-- WHAT NEEDS TO BE DONE --
Lines from the first one down to the one containing "i is a first" in the data below are the only ones needed; please return them exactly, both ends included.

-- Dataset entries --

(* Write f for [f_ m lam].  For dominant lam, f is strictly decreasing on the
   negative and on the positive indices, and f j = 1 - j for large j.  The
   values f (n + 1) = lam_(n+1) - n (n >= 0) and J - lam'_J (J > 0) partition
   Z, so i < 0 is atypical for lam^natural exactly when f i is not a value of
   f at a positive index.

   (1) A pair of Sigma^+ is determined by its first entry, and every atypical
   i is a first entry: otherwise, paired with m + 1 far away positive indices,
   it would force m + 1 distinct second entries into Sigma^+, which has at most
   m pairs.

   (2) Let i be the largest atypical index, j the first positive index with
   f j < f i and r maximal with f (i + k + 1) = f (j + k) for k < r.
   Exchanging the blocks [i, i + r] and [j, j + r] gives the function of a
   dominant weight below f in the Bruhat order.  Conversely, going up in the
   Bruhat order keeps the multiset of values on a large window, strictly
   decreases sum_k k f(k) there, and can only raise the values at negative
   indices; if every f i (i < 0) is a value at a positive index, these values
   cannot change, so a dominant function below f would coincide with f on the
   window. *)

From Stdlib Require Import Relations Classical.
From mathcomp Require Import all_boot all_order all_algebra zify.
Set Implicit Arguments. Unset Strict Implicit. Unset Printing Implicit Defensive.
Import Order.TTheory GRing.Theory Num.Theory.
Local Open Scope ring_scope.

Ltac lia_idx := unfold inI, negI, posI in *; lia.

Lemma lt_of_succ_lt (f : int -> int) (x y : int) :
  (forall z, x <= z -> z < y -> f (z + 1) < f z) -> x < y -> f y < f x.
Proof.
move=> step lt_xy; have [n ey] : exists n : nat, y = x + n.+1%:Z.
  by exists (absz (y - x)).-1; lia.
subst y; elim: n step {lt_xy} => [|n IH] step; first by apply: step; lia.
have -> : x + n.+2%:Z = x + n.+1%:Z + 1 by lia.
by apply: lt_trans (IH _) => [|z hz1 hz2]; apply: step; lia.
Qed.

(* On I(m|oo) these are exactly the [f_ m mu], mu dominant with at most [S]
   nonzero parts. *)
Definition dominant_fun (m S : nat) (f : int -> int) : Prop :=
  [/\ (forall x, negI m x -> negI m (x + 1) -> f (x + 1) < f x),
      (forall x, 1 <= x -> f (x + 1) < f x),
      (forall x, 1 <= x -> 1 - x <= f x) &
      (forall x, S%:Z < x -> f x = 1 - x)].

Section DominantFun.
Variables (m S : nat) (f : int -> int).
Hypothesis df : dominant_fun m S f.

Lemma dominant_fun_neg_lt x y : negI m x -> negI m y -> x < y -> f y < f x.
Proof.
move=> hx hy; have [step _ _ _] := df; apply: lt_of_succ_lt => z hz1 hz2.
by apply: step; lia_idx.
Qed.
(* Let $a\in A\subseteq\mathbf{R}^n$, $C\in\mathbf{R}$, and let $f:\mathbf{R}^n\to\mathcal{P}(\mathbf{R}^n)$ be a multivalued map such that $\Theta^n(\mathscr{L}^n\llcorner(\mathbf{R}^n\setminus A),a)=0$, $f(b)$ is a singleton for every $b\in A$, $f|A$ is differentiable at $a$, and $$|f(b)-y|\le C|b-c|\quad\text{whenever }b\in A,\ c\in\mathbf{R}^n,\ y\in f(c).$$ Then $f$ is strongly differentiable at $a$.
   Context: $\mathcal{P}(\mathbf{R}^n)$ is the power set. $\Theta^n(\mu,x)=\lim_{r\downarrow0}\mu(\mathbf{B}(x,r))/(\alpha(n)r^n)$ (Euclidean closed balls). For a multivalued $T$ and a set $A$, $T|A$ is the multivalued map equal to $T$ on $A$ and to $\varnothing$ off $A$; a singleton value is identified with its element. A multivalued map $T$ from $\mathbf{R}^n$ to $\mathbf{R}^m$ is differentiable at $a$ if $T(a)$ is a singleton and there exists a linear $L$ such that for every $\varepsilon>0$ there is $\delta>0$ with $|y-T(a)-L(x-a)|\le\varepsilon|x-a|$ whenever $|x-a|\le\delta$ and $y\in T(x)$; it is strongly differentiable at $a$ if it is differentiable at $a$ and such $L$ is unique. *)

From HB Require Import structures.
From mathcomp Require Import all_boot all_order all_algebra.
From mathcomp Require Import all_classical all_reals all_analysis.
Set Implicit Arguments. Unset Strict Implicit. Unset Printing Implicit Defensive.
Import Order.TTheory GRing.Theory Num.Theory.
Import numFieldNormedType.Exports.
Local Open Scope classical_set_scope.
Local Open Scope ring_scope.

Section Defs.
Variable R : realType.

Definition enorm (n : nat) (v : 'rV[R]_n) : R :=
  Num.sqrt (\sum_(i < n) (v ord0 i) ^+ 2).

Definition cball (n : nat) (x : 'rV[R]_n) (r : R) : set 'rV[R]_n :=
  [set y | enorm (y - x) <= r].

Definition box (n : nat) (a b : 'rV[R]_n) : set 'rV[R]_n :=
  [set x | forall i : 'I_n, a ord0 i <= x ord0 i <= b ord0 i].
Definition boxvol (n : nat) (a b : 'rV[R]_n) : R :=
  \prod_(i < n) (b ord0 i - a ord0 i).

Definition leb_outer (n : nat) (A : set 'rV[R]_n) : \bar R :=
  ereal_inf [set s : \bar R | exists a b : nat -> 'rV[R]_n,
     [/\ (forall k (i : 'I_n), a k ord0 i <= b k ord0 i),
         A `<=` \bigcup_k box (a k) (b k) &
         s = (\sum_(0 <= k <oo) (boxvol (a k) (b k))%:E)%E]].
(* Let $V_1\subseteq\mathbb{Z}^2$ be infinite and connected with $V_1^c=\mathbb{Z}^2\setminus V_1$ infinite and connected. Let $F=\{\{x,y\}\in\mathcal{E}^2:x\in V_1,y\in V_1^c\}$ be its edge boundary and $F^*$ the set of dual edges of edges in $F$. Then $F^*$ consists of a single doubly infinite dual path which is non-self-intersecting: writing $W^*$ for the set of endpoints of dual edges in $F^*$, the graph $G^*=(W^*,F^* )$ is connected and infinite, and every $v^*\in W^*$ has degree exactly $2$ in $G^*$.
   Context: Connectedness of subsets of $\mathbb{Z}^2$ is with respect to the nearest-neighbour lattice $(\mathbb{Z}^2,\mathcal{E}^2)$. The dual lattice has vertex set $\mathbb{Z}^2+(1/2,1/2)$ and edge set $\mathcal{E}^2+(1/2,1/2)$; the dual edge $e^*$ of $e\in\mathcal{E}^2$ is the unique dual edge bisecting $e$. *)

From Stdlib Require Import ZArith List Relations.
Open Scope Z_scope.

Definition pt := (Z * Z)%type.

Definition adj (x y : pt) : Prop :=
  Z.abs (fst x - fst y) + Z.abs (snd x - snd y) = 1.

Definition infinite_set (A : pt -> Prop) : Prop :=
  forall l : list pt, exists x, A x /\ ~ In x l.

Definition reach (E : pt -> pt -> Prop) : pt -> pt -> Prop :=
  clos_refl_trans pt E.

Definition connected_set (A : pt -> Prop) : Prop :=
  forall x y, A x -> A y -> reach (fun u v => A u /\ A v /\ adj u v) x y.

Definition compl (A : pt -> Prop) : pt -> Prop := fun x => ~ A x.
(* Let $\mathcal{A}\in\mathbb{C}^{I_{1\ldots N}\times I_{1\ldots N}}$ and let $\mathcal{N}\in\mathbb{C}^{I_{1\ldots N}\times I_{1\ldots N}}$ be a Hermitian positive definite tensor. Put $\tilde{\mathcal{A}}=\mathcal{N}^{1/2}*_N\mathcal{A}*_N\mathcal{N}^{-1/2}$. Then: (i) $\lambda\in\sigma(\mathcal{A})$ if and only if $\lambda\in\sigma(\tilde{\mathcal{A}})$; (ii) $\lambda\in\sigma(\mathcal{A}^{\dagger}_{\mathcal{N},\mathcal{N}})$ if and only if $\lambda\in\sigma(\tilde{\mathcal{A}}^{\dagger})$; (iii) if $\mathcal{A}$ is weighted normal (i.e. $\mathcal{A}^{\#}_{\mathcal{N}\mathcal{N}}*_N\mathcal{A}=\mathcal{A}*_N\mathcal{A}^{\#}_{\mathcal{N}\mathcal{N}}$) and $\lambda\neq0$, then $\lambda\in\sigma(\mathcal{A})$ if and only if $1/\lambda\in\sigma(\mathcal{A}^{\dagger}_{\mathcal{N},\mathcal{N}})$.
   Context: Write $I_{1\ldots N}$ for $I_1\times\cdots\times I_N$. Einstein product: $(\mathcal{A}*_N\mathcal{B})_{i_1\ldots i_Mj_1\ldots j_L}=\sum_{k_1,\ldots,k_N}a_{i_1\ldots i_Mk_1\ldots k_N}b_{k_1\ldots k_Nj_1\ldots j_L}$ (also when $\mathcal{B}\in\mathbb{C}^{K_{1\ldots N}}$). $\mathcal{A}^H$ is the conjugate transpose. Identity tensor: entry 1 where the two index blocks coincide, 0 otherwise; inverses are with respect to $*_N$. $\mathcal{N}$ is Hermitian positive definite if $\mathcal{N}^H=\mathcal{N}$ and $\mathcal{X}^H*_N\mathcal{N}*_N\mathcal{X}>0$ for all nonzero $\mathcal{X}$; $\mathcal{N}^{1/2}$ is its unique Hermitian positive definite square root and $\mathcal{N}^{-1/2}=(\mathcal{N}^{1/2})^{-1}$. $\sigma(\mathcal{A})$ is the set of $\lambda\in\mathbb{C}$ such that $\mathcal{A}*_N\mathcal{X}=\lambda\mathcal{X}$ for some nonzero $\mathcal{X}\in\mathbb{C}^{I_{1\ldots N}}$. Weighted conjugate transpose: $\mathcal{A}^{\#}_{\mathcal{N}\mathcal{N}}=\mathcal{N}^{-1}*_N\mathcal{A}^H*_N\mathcal{N}$. Weighted Moore-Penrose inverse $\mathcal{A}^{\dagger}_{\mathcal{M},\mathcal{N}}$: the unique $\mathcal{X}$ with $\mathcal{A}*_N\mathcal{X}*_N\mathcal{A}=\mathcal{A}$, $\mathcal{X}*_N\mathcal{A}*_N\mathcal{X}=\mathcal{X}$, $(\mathcal{M}*_N\mathcal{A}*_N\mathcal{X})^H=\mathcal{M}*_N\mathcal{A}*_N\mathcal{X}$, $(\mathcal{N}*_N\mathcal{X}*_N\mathcal{A})^H=\mathcal{N}*_N\mathcal{X}*_N\mathcal{A}$; $\mathcal{A}^{\dagger}$ is the case of identity weights. *)

From HB Require Import structures.
From mathcomp Require Import all_boot all_order all_algebra.
From mathcomp Require Import complex.
From Stdlib Require Import ClassicalEpsilon.
Set Implicit Arguments. Unset Strict Implicit. Unset Printing Implicit Defensive.
Import Order.TTheory GRing.Theory Num.Theory.
Local Open Scope ring_scope.

Section Tensors.
Variable R : rcfType.
Local Notation C := R[i].
Variables (N : nat) (I : 'I_N -> nat).

Definition midx := {dffun forall k : 'I_N, 'I_(I k)}.

Definition tensor := midx -> midx -> C.
Definition tvec := midx -> C.

Definition tmul (A B : tensor) : tensor :=
  fun i j => \sum_(k : midx) A i k * B k j.
Definition tmulv (A : tensor) (X : tvec) : tvec :=
  fun i => \sum_(k : midx) A i k * X k.

Definition tid : tensor := fun i j => if i == j then 1 else 0.

Definition tH (A : tensor) : tensor := fun i j => (A j i)^*.

(* inverse w.r.t. *_N (unique when it exists) *)
Definition tinv (A : tensor) : tensor :=
  epsilon (inhabits A) (fun X => tmul A X = tid /\ tmul X A = tid).

Definition tquad (M : tensor) (X : tvec) : C :=
  \sum_(i : midx) \sum_(j : midx) (X i)^* * M i j * X j.

Definition herm_pd (M : tensor) : Prop :=
  tH M = M /\ forall X : tvec, X <> (fun _ => 0) -> 0 < tquad M X.

(* the unique Hermitian positive definite square root *)
Definition tsqrt (M : tensor) : tensor :=
  epsilon (inhabits M) (fun S => herm_pd S /\ tmul S S = M).
Definition tisqrt (M : tensor) : tensor := tinv (tsqrt M).

Definition tspec (A : tensor) (l : C) : Prop :=
  exists X : tvec, X <> (fun _ => 0) /\ tmulv A X = (fun i => l * X i).

Definition wct (M A : tensor) : tensor := tmul (tinv M) (tmul (tH A) M).

(* weighted Moore-Penrose inverse A^dagger_{M,N} (unique) *)
Definition is_wmp (M Nw A X : tensor) : Prop :=
  [/\ tmul A (tmul X A) = A, tmul X (tmul A X) = X,
      tH (tmul M (tmul A X)) = tmul M (tmul A X)
    & tH (tmul Nw (tmul X A)) = tmul Nw (tmul X A)].
Definition wmp (M Nw A : tensor) : tensor :=
  epsilon (inhabits A) (is_wmp M Nw A).
Definition mp (A : tensor) : tensor := wmp tid tid A.

End Tensors.
Definition abs_converges_to (A : zmodType) (absA : A -> R) (u : nat -> A) (l : A) : Prop :=
  forall eps : R, Rlt R0 eps -> exists M : nat,
    forall m : nat, (M <= m)%N -> Rlt (absA (u m - l)) eps.

(* (F, absF) is (a model of) the field Q_p of p-adic numbers: a valued field
   which is the completion of (Q, |.|_p), i.e. Q embeds isometrically
   (via the canonical map ratr), F is complete, and Q is dense in F.
   This characterizes Q_p up to unique isometric isomorphism. *)
Definition is_Qp (p : nat) (F : fieldType) (absF : F -> R) : Prop :=
  is_absolute_value absF /\
  (forall q : rat, absF (ratr q) = padic_abs p q) /\
  (forall u : nat -> F, abs_cauchy absF u -> exists l : F, abs_converges_to absF u l) /\
  (forall (x : F) (eps : R), Rlt R0 eps -> exists q : rat, Rlt (absF (x - ratr q)) eps).

Definition fdiff (A : zmodType) (B : pzRingType) (h : A) (m : nat) (f : A -> B) (x : A) : B :=
  \sum_(k < m.+1) ('C(m, k))%:R * (-1) ^+ (m - k) * f (x + h *+ k).

From Stdlib Require Import Reals Lra Psatz.
From HB Require Import structures.
From mathcomp Require Import all_boot all_order all_algebra ring.
Import Order.TTheory GRing.Theory Num.Theory.
Set Implicit Arguments. Unset Strict Implicit.
(* Stdlib's R_scope and MathComp's ring_scope both use the key %R; give them
   distinct keys so that real-number expressions can be written as (...)%R. *)
Delimit Scope ring_scope with ring.
Delimit Scope R_scope with R.
Local Open Scope ring_scope.

(* Let h = p^N.  If Delta_h^(n+1) f = 0, then for each a
   the sequence s k = f (a + k h) has vanishing (n+1)-th forward differences,
   so by Newton's forward formula s k = P0(k) for a polynomial P0 of degree
   <= n.  An affine change of variable turns this into
   f (a + k h) = P (iota (a + k h)) for every natural number k.  Both sides are
   continuous functions of x in Q_p, and the points a + k h (k in N) are dense
   in the ball a + p^N Z_p, because N is dense in Z_p; hence the identity
   extends to the whole ball. *)

Section AbsoluteValue.
Variables (F : fieldType) (absF : F -> R).
Hypothesis HF : is_absolute_value absF.

Lemma abs_ge0 x : Rle R0 (absF x). Proof. by case: HF. Qed.
Lemma abs_eq0 x : absF x = R0 <-> x = 0. Proof. by case: HF => _ []. Qed.
Lemma absM x y : absF (x * y) = Rmult (absF x) (absF y).
Proof. by case: HF => _ [] _ []. Qed.
Lemma absD x y : Rle (absF (x + y)) (Rplus (absF x) (absF y)).
Proof. by case: HF => _ [] _ []. Qed.

Lemma abs0 : absF 0 = R0. Proof. exact/abs_eq0. Qed.

Lemma abs1 : absF 1 = R1.
Proof.
have h11 := absM 1 1; rewrite mulr1 in h11.
have h1 : absF 1 <> R0 by move/abs_eq0/eqP; rewrite oner_eq0.
have := abs_ge0 1; nra.
Qed.

Lemma absN x : absF (- x) = absF x.
Proof.
have hN1 : absF (-1) = R1.
  have := absM (-1) (-1); rewrite mulrNN mulr1 abs1.
  have := abs_ge0 (-1); nra.
by rewrite -mulN1r absM hN1 Rmult_1_l.
Qed.

Lemma abs_subC x y : absF (x - y) = absF (y - x).
Proof. by rewrite -absN opprB. Qed.

Lemma abs_dist_triangle x y z : Rle (absF (x - z)) (Rplus (absF (x - y)) (absF (y - z))).
Proof.
have -> : x - z = (x - y) + (y - z) by rewrite addrA subrK.
exact: absD.
Qed.

End AbsoluteValue.

Definition cont_at (A B : zmodType) (absA : A -> R) (absB : B -> R)
    (g : A -> B) (x : A) : Prop :=
  forall eps : R, Rlt R0 eps -> exists delta : R, Rlt R0 delta /\
    forall y : A, Rlt (absA (y - x)) delta -> Rlt (absB (g y - g x)) eps.

Lemma cont_comp (A B C : zmodType) (absA : A -> R) (absB : B -> R) (absC : C -> R)
    (g : A -> B) (k : B -> C) (x : A) :
  cont_at absA absB g x -> cont_at absB absC k (g x) ->
  cont_at absA absC (fun y => k (g y)) x.
Proof.
move=> cg ck e he.
have [d1 [hd1 Hk]] := ck e he.
have [d2 [hd2 Hg]] := cg d1 hd1.
by exists d2; split=> // y hy; apply/Hk/Hg.
Qed.

Section ContinuityRules.
Variables (A : zmodType) (absA : A -> R) (F : fieldType) (absF : F -> R).
Hypothesis HF : is_absolute_value absF.

Lemma cont_ext (g k : A -> F) x :
  (forall y, g y = k y) -> cont_at absA absF g x -> cont_at absA absF k x.
Proof.
move=> gk cg e he; have [d [hd Hg]] := cg e he.
by exists d; split=> // y hy; rewrite -!gk; apply: Hg.
Qed.

Lemma cont_const (c : F) x : cont_at absA absF (fun=> c) x.
Proof.
move=> e he; exists R1; split; first lra.
by move=> y _; rewrite subrr (abs0 HF).
Qed.
(* Let $\mathsf{K}>0$ and $\omega_{\Delta^n}=\sqrt{-1}\sum_{\alpha=1}^n\frac{2}{\mathsf{K}(1-|z^\alpha|^2)^2}dz^\alpha\wedge dz^{\bar\alpha}$ on $\Delta^n$. Let $u\colon\Delta\to\Delta^n$ be a holomorphic map which is a totally geodesic isometric embedding with respect to some Poincaré metric $\sqrt{-1}\frac{2}{\mathsf{K}'(1-|\zeta|^2)^2}d\zeta\wedge d\bar\zeta$ ($\mathsf{K}'>0$) on $\Delta$ and $\omega_{\Delta^n}$, and put $S=u(\Delta)$. Suppose $\varphi$ is a potential of $\omega_{\Delta^n}$ on an open set $V\subset\Delta^n$ meeting $S$, with $|\partial\varphi|_{\omega_{\Delta^n}}^2\le\mathsf{C}$ on $V$ for some $\mathsf{C}>0$, such that (1) the gradient vector field $\mathcal{V}=\mathrm{grad}(\varphi)$ is tangent to $S$, i.e. $\mathcal{V}(p)\in T^{(1,0)}_pS$ for each $p\in S\cap V$, and (2) $|\partial\varphi|_{\omega_{\Delta^n}}^2\equiv\mathsf{C}$ on $S\cap V$. Then $u$ has full rank $n$, i.e. every component $u^\alpha$ of $u$ is nonconstant.
   Context: Conventions: $dd^c=\sqrt{-1}\partial\bar\partial$; a potential satisfies $dd^c\varphi=\omega_{\Delta^n}$; the gradient vector field is the $(1,0)$-vector field $\mathcal{V}$ with $\partial\varphi(v)=\langle v,\overline{\mathcal{V}}\rangle_\omega$ for all $(1,0)$-vectors $v$, and $|\partial\varphi|_\omega=|\mathcal{V}|_\omega$. For such a totally geodesic isometric holomorphic disc each component $u^\alpha$ is either constant or an automorphism of $\Delta$; the rank of $u$ is the number of nonconstant components. *)

From Stdlib Require Import Reals.
From Coquelicot Require Import Coquelicot.
From mathcomp Require Import ssreflect ssrfun ssrbool eqtype ssrnat fintype bigop.
Open Scope R_scope.

Definition Cn (n : nat) := 'I_n -> C.

Definition in_disc (z : C) : Prop := Cmod z < 1.
Definition in_polydisc {n} (z : Cn n) : Prop := forall a, in_disc (z a).

Definition upd {n} (z : Cn n) (a : 'I_n) (w : C) : Cn n :=
  fun b => if b == a then w else z b.

(* real directions in C^n = R^{2n}: (a,false) = d/dx^a, (a,true) = d/dy^a *)
Definition dir (n : nat) := ('I_n * bool)%type.

Definition shift {n} (z : Cn n) (d : dir n) (t : R) : Cn n :=
  let (a, im) := d in
  upd z a (Cplus (z a) (if im then (0, t) else (t, 0))).

Definition D {n} (d : dir n) (f : Cn n -> R) (z : Cn n) : R :=
  Derive (fun t => f (shift z d t)) 0.

Definition Dx {n} (a : 'I_n) := @D n (a, false).
Definition Dy {n} (a : 'I_n) := @D n (a, true).

Fixpoint Dl {n} (l : list (dir n)) (f : Cn n -> R) : Cn n -> R :=
  match l with
  | nil => f
  | cons d l' => D d (Dl l' f)
  end.

Definition open_Cn {n} (V : Cn n -> Prop) : Prop :=
  forall z, V z -> exists del, del > 0 /\
    forall w, (forall a, Cmod (Cminus (w a) (z a)) < del) -> V w.
(* Let $B_n(y)=\sum_{k=0}^n\frac{1}{n+1}\binom{2n+2}{n-k}\binom{n+k}{k}y^k$ be the Borel polynomials. Consider the Riordan array $$L=\left(\frac{1+xy}{(1+(y+1)x)^2},\ \frac{x}{(1+(y+1)x)^2}\right).$$ Then the first column of $L^{-1}$ is $(B_0(y),B_1(y),B_2(y),\dots)^T$, i.e. its generating function is $\sum_n B_n(y)x^n$. Equivalently, $B_n(y)$ is the $n$-th moment of the family of orthogonal polynomials $P_n(x)$ defined by $P_0(x)=1$, $P_1(x)=x-y-2$ and $$P_n(x)=(x-2(y+1))P_{n-1}(x)-(y+1)^2P_{n-2}(x)\quad(n\ge2),$$ i.e. $B_n(y)=\mathcal L(x^n)$ for the linear functional $\mathcal L$ with $\mathcal L(1)=1$ and $\mathcal L(P_n)=0$ for $n\ge1$.
   Context: A Riordan array $(g(x),f(x))$ (with $g(0)\ne0$, $f(0)=0$, $f'(0)\ne0$) is the lower-triangular matrix with $(n,k)$ entry $[x^n]g(x)f(x)^k$. Riordan arrays form a group under matrix multiplication with $(g,f)\cdot(u,v)=(g\,u(f),v(f))$ and $(g,f)^{-1}=(1/g(\bar f),\bar f)$ where $\bar f$ is the compositional inverse of $f$. Here coefficients are polynomials in $y$. *)

From HB Require Import structures.
From mathcomp Require Import all_boot all_order all_algebra.
Set Implicit Arguments. Unset Strict Implicit. Unset Printing Implicit Defensive.
Import Order.TTheory GRing.Theory Num.Theory.
Local Open Scope ring_scope.

Definition pser (R : Type) := nat -> R.

Section PS.
Variable R : unitRingType.

Definition ps_of_poly (p : {poly R}) : pser R := fun n => p`_n.

Definition ps_mul (a b : pser R) : pser R :=
  fun n => \sum_(i < n.+1) a i * b (n - i)%N.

-- REPLY TO THE EXERCISE --
(* Write f for [f_ m lam].  For dominant lam, f is strictly decreasing on the
   negative and on the positive indices, and f j = 1 - j for large j.  The
   values f (n + 1) = lam_(n+1) - n (n >= 0) and J - lam'_J (J > 0) partition
   Z, so i < 0 is atypical for lam^natural exactly when f i is not a value of
   f at a positive index.

   (1) A pair of Sigma^+ is determined by its first entry, and every atypical
   i is a first entry: otherwise, paired with m + 1 far away positive indices,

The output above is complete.